**Task directions**. Repeat the stretch of entries below from the line with "by exists (size" through the line with "Fact test_scaleDr : right_distributive". Include both ends and add nothing.

**Data shown**.
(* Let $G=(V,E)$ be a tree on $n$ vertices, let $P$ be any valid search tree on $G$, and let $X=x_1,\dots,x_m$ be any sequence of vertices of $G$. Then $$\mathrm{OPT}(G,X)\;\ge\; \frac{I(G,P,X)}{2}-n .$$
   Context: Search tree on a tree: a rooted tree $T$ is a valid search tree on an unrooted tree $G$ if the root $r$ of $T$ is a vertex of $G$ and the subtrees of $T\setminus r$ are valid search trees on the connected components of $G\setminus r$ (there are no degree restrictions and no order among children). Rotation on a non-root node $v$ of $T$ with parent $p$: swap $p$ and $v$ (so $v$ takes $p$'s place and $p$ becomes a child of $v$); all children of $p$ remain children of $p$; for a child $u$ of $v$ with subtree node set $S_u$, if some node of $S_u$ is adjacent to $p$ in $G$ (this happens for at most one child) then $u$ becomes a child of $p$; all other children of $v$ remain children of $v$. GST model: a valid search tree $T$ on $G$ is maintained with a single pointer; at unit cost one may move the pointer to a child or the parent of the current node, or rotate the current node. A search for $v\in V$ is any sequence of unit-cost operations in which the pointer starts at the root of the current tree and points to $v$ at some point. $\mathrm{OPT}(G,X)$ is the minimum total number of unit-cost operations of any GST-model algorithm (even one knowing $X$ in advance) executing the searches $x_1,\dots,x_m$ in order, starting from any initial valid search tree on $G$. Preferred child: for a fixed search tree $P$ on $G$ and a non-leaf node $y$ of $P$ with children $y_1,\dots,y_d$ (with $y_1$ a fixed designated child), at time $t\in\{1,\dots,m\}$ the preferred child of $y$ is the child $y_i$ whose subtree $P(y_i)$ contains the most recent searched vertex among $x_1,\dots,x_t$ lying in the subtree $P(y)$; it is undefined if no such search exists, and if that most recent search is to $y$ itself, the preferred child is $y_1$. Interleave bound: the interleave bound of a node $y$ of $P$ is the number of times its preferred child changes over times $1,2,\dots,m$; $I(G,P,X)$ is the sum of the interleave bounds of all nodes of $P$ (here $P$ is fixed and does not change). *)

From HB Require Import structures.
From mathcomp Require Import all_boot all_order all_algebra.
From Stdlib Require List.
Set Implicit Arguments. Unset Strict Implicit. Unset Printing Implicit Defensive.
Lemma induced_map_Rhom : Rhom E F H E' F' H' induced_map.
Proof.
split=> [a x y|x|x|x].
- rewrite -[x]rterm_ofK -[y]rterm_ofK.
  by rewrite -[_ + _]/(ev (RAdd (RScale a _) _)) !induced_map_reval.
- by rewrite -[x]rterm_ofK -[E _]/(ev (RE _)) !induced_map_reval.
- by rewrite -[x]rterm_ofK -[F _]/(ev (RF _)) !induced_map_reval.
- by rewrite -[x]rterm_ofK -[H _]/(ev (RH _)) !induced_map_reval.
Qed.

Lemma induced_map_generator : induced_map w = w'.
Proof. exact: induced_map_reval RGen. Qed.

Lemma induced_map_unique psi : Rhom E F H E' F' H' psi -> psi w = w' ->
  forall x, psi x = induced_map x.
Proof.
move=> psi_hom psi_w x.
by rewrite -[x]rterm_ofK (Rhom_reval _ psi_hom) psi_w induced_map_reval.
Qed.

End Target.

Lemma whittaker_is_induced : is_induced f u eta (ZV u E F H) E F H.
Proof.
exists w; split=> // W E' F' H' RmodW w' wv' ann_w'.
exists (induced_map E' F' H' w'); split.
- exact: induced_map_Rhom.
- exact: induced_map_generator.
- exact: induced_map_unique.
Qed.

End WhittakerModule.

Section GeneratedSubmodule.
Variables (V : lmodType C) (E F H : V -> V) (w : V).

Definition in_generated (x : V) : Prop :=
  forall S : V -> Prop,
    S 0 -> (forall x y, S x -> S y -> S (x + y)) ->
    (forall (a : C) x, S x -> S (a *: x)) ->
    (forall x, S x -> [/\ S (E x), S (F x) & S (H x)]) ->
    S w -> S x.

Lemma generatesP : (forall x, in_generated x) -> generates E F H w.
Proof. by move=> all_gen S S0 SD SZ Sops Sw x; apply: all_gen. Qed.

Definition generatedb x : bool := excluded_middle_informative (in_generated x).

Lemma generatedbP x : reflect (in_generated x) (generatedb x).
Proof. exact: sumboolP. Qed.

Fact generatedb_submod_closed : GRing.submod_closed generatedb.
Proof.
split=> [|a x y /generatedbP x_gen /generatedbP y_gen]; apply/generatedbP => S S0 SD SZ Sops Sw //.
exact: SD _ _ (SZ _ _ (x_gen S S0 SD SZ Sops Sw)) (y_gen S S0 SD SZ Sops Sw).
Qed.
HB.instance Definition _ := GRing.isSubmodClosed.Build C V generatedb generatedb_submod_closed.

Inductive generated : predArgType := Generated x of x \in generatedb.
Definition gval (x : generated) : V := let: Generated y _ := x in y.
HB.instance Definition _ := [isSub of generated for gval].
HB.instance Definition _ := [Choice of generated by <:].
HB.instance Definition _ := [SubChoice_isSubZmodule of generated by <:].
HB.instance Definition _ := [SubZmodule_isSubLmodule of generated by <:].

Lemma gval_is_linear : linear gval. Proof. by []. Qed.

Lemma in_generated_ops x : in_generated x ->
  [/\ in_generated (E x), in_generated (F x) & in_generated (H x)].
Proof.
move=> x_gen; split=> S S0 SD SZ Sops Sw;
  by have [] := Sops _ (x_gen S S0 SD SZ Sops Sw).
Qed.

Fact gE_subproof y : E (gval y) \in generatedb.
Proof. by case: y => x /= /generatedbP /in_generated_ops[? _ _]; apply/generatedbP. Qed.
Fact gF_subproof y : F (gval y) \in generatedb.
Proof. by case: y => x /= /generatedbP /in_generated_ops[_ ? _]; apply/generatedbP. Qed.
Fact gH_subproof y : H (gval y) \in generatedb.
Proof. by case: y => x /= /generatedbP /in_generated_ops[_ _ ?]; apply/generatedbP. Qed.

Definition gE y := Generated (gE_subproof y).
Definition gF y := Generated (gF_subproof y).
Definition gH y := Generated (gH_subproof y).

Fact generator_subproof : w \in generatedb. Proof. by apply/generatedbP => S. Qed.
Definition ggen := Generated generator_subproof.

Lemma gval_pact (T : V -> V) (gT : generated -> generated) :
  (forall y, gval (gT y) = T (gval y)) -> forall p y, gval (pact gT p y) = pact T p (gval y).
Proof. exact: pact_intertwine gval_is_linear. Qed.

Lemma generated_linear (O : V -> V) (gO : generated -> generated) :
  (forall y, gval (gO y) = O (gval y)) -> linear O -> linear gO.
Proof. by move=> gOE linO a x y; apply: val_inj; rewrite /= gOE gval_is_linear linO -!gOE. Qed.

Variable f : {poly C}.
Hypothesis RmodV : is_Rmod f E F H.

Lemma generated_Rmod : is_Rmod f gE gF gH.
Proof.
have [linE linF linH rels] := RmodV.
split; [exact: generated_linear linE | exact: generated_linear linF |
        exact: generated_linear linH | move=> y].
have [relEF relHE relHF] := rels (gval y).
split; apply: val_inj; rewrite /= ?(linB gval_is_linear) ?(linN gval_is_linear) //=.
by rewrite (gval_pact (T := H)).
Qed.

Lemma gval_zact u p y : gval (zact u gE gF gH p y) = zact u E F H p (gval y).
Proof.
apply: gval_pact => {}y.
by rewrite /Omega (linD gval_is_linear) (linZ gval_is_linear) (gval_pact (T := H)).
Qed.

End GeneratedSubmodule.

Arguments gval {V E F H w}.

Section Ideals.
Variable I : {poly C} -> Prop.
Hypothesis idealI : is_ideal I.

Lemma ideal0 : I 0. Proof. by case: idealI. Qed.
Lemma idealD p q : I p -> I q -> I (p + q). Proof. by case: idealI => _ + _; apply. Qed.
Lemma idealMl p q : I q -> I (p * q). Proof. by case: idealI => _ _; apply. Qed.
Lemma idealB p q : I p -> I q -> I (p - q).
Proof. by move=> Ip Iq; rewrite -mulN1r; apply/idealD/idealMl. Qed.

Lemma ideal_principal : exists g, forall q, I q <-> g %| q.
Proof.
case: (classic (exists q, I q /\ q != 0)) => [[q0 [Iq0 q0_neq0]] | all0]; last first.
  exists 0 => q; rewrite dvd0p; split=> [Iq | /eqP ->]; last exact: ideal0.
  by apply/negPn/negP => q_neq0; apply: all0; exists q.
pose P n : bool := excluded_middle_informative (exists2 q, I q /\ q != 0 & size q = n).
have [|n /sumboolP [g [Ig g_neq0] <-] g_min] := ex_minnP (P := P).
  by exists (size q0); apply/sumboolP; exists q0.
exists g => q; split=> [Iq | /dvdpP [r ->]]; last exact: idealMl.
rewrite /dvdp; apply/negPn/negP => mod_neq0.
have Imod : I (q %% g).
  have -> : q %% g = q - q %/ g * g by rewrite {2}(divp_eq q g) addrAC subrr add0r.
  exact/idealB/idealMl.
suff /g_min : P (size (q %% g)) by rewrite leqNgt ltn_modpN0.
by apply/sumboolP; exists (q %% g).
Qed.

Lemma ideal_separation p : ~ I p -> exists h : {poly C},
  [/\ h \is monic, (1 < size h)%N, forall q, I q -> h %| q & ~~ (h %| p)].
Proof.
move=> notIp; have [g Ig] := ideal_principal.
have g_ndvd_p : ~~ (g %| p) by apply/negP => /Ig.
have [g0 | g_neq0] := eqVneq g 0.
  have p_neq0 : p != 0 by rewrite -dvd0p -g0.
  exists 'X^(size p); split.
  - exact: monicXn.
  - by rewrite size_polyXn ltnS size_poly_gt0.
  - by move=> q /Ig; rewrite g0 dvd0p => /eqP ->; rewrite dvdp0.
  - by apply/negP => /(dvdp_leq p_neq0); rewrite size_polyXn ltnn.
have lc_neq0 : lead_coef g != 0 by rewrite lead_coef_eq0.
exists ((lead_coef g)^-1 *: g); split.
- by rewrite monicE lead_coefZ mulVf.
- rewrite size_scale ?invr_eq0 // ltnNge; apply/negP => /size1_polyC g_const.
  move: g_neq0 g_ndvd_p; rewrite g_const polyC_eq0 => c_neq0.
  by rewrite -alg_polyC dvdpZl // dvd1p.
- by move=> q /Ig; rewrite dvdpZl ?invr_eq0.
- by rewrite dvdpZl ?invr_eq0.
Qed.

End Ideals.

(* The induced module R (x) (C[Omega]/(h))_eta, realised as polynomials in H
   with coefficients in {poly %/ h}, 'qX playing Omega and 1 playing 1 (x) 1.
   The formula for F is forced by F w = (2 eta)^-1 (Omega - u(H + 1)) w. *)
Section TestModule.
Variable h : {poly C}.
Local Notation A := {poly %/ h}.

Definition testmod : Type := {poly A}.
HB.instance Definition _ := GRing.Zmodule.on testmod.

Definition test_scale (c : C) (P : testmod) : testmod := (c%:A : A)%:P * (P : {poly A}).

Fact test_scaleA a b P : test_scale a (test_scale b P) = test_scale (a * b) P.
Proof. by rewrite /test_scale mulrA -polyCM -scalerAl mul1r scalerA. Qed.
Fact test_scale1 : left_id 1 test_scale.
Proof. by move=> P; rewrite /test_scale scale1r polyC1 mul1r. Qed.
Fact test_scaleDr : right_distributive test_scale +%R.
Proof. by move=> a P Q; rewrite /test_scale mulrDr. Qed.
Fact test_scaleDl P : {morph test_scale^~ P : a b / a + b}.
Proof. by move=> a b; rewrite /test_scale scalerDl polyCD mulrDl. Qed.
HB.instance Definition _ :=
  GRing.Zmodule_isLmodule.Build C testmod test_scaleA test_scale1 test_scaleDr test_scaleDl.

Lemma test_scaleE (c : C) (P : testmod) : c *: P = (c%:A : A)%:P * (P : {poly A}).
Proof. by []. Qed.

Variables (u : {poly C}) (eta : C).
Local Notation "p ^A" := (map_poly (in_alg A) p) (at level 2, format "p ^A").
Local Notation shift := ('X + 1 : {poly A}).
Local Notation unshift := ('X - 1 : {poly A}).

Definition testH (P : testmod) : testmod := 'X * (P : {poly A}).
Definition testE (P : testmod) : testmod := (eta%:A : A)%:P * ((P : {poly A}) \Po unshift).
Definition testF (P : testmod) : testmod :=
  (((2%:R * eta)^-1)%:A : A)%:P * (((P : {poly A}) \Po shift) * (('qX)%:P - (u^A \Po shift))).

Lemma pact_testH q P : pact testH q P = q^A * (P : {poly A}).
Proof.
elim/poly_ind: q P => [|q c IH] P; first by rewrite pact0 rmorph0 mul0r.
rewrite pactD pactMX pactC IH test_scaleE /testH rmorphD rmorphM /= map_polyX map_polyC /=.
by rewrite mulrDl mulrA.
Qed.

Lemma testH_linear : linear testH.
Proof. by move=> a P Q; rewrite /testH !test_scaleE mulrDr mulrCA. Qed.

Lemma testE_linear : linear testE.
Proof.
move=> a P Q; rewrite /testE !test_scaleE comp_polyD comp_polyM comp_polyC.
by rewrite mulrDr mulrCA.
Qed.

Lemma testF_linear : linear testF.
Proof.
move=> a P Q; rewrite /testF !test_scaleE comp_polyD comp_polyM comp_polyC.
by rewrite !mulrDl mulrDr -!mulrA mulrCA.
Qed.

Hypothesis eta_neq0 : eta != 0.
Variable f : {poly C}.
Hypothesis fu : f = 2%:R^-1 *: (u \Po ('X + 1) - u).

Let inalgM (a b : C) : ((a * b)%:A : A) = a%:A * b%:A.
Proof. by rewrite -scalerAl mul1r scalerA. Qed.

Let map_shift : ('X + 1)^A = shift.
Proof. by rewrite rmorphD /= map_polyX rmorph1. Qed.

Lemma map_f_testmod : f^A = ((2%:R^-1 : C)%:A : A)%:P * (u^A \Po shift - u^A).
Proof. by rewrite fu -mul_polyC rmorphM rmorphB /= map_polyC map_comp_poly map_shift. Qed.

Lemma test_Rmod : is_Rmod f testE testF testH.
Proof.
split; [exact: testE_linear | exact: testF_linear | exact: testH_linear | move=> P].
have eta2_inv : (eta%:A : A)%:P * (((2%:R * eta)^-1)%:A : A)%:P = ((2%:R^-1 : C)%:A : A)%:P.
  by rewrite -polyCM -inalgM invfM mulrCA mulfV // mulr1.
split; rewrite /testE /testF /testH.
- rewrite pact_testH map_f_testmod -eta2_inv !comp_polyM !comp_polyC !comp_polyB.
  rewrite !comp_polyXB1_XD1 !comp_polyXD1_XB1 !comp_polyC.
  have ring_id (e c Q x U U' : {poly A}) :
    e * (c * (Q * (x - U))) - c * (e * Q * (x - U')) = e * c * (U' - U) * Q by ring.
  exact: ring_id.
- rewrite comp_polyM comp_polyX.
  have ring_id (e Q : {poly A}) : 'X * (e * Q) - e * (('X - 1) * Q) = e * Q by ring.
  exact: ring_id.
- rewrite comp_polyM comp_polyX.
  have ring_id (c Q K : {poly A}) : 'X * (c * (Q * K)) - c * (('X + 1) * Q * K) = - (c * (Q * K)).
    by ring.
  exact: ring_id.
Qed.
* * *
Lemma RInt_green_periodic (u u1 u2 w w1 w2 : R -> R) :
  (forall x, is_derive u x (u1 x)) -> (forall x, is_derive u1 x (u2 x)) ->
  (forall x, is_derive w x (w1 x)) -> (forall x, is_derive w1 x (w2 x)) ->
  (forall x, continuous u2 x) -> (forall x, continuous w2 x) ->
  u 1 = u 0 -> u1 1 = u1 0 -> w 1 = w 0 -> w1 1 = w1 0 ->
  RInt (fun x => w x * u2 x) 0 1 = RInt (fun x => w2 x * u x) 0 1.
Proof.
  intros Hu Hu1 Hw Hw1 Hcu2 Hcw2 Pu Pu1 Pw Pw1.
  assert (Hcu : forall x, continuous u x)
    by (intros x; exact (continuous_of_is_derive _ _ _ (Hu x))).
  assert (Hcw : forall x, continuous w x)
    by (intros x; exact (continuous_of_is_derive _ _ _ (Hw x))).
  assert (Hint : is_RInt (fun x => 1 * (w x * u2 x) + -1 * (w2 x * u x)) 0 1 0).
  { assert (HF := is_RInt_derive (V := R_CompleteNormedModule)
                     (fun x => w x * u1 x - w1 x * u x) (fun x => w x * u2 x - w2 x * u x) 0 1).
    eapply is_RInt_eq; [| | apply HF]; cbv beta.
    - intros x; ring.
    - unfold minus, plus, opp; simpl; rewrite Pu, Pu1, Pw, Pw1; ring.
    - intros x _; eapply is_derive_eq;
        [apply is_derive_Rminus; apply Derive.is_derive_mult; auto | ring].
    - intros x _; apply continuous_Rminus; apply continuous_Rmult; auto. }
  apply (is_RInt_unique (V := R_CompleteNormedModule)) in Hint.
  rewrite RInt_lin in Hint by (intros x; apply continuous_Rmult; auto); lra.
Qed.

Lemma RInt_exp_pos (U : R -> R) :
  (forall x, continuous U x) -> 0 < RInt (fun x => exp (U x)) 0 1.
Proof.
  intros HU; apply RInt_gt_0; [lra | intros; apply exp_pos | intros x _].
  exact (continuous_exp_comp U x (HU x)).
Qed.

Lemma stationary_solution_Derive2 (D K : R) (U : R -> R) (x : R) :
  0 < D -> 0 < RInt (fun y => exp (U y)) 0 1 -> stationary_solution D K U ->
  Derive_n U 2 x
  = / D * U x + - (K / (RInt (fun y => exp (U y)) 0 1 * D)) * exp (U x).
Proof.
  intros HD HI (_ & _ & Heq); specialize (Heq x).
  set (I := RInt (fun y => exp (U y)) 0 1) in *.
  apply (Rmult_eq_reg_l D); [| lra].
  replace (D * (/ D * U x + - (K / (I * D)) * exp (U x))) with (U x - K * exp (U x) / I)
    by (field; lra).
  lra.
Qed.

**Exercise response**.
  by exists (size q0); apply/sumboolP; exists q0.
exists g => q; split=> [Iq | /dvdpP [r ->]]; last exact: idealMl.
rewrite /dvdp; apply/negPn/negP => mod_neq0.
have Imod : I (q %% g).
  have -> : q %% g = q - q %/ g * g by rewrite {2}(divp_eq q g) addrAC subrr add0r.
  exact/idealB/idealMl.
suff /g_min : P (size (q %% g)) by rewrite leqNgt ltn_modpN0.
by apply/sumboolP; exists (q %% g).
Qed.

Lemma ideal_separation p : ~ I p -> exists h : {poly C},
  [/\ h \is monic, (1 < size h)%N, forall q, I q -> h %| q & ~~ (h %| p)].
Proof.
move=> notIp; have [g Ig] := ideal_principal.
have g_ndvd_p : ~~ (g %| p) by apply/negP => /Ig.
have [g0 | g_neq0] := eqVneq g 0.
  have p_neq0 : p != 0 by rewrite -dvd0p -g0.
  exists 'X^(size p); split.
  - exact: monicXn.
  - by rewrite size_polyXn ltnS size_poly_gt0.
  - by move=> q /Ig; rewrite g0 dvd0p => /eqP ->; rewrite dvdp0.
  - by apply/negP => /(dvdp_leq p_neq0); rewrite size_polyXn ltnn.
have lc_neq0 : lead_coef g != 0 by rewrite lead_coef_eq0.
exists ((lead_coef g)^-1 *: g); split.
- by rewrite monicE lead_coefZ mulVf.
- rewrite size_scale ?invr_eq0 // ltnNge; apply/negP => /size1_polyC g_const.
  move: g_neq0 g_ndvd_p; rewrite g_const polyC_eq0 => c_neq0.
  by rewrite -alg_polyC dvdpZl // dvd1p.
- by move=> q /Ig; rewrite dvdpZl ?invr_eq0.
- by rewrite dvdpZl ?invr_eq0.
Qed.

End Ideals.

(* The induced module R (x) (C[Omega]/(h))_eta, realised as polynomials in H
   with coefficients in {poly %/ h}, 'qX playing Omega and 1 playing 1 (x) 1.
   The formula for F is forced by F w = (2 eta)^-1 (Omega - u(H + 1)) w. *)
Section TestModule.
Variable h : {poly C}.
Local Notation A := {poly %/ h}.

Definition testmod : Type := {poly A}.
HB.instance Definition _ := GRing.Zmodule.on testmod.

Definition test_scale (c : C) (P : testmod) : testmod := (c%:A : A)%:P * (P : {poly A}).

Fact test_scaleA a b P : test_scale a (test_scale b P) = test_scale (a * b) P.
Proof. by rewrite /test_scale mulrA -polyCM -scalerAl mul1r scalerA. Qed.
Fact test_scale1 : left_id 1 test_scale.
Proof. by move=> P; rewrite /test_scale scale1r polyC1 mul1r. Qed.
Fact test_scaleDr : right_distributive test_scale +%R.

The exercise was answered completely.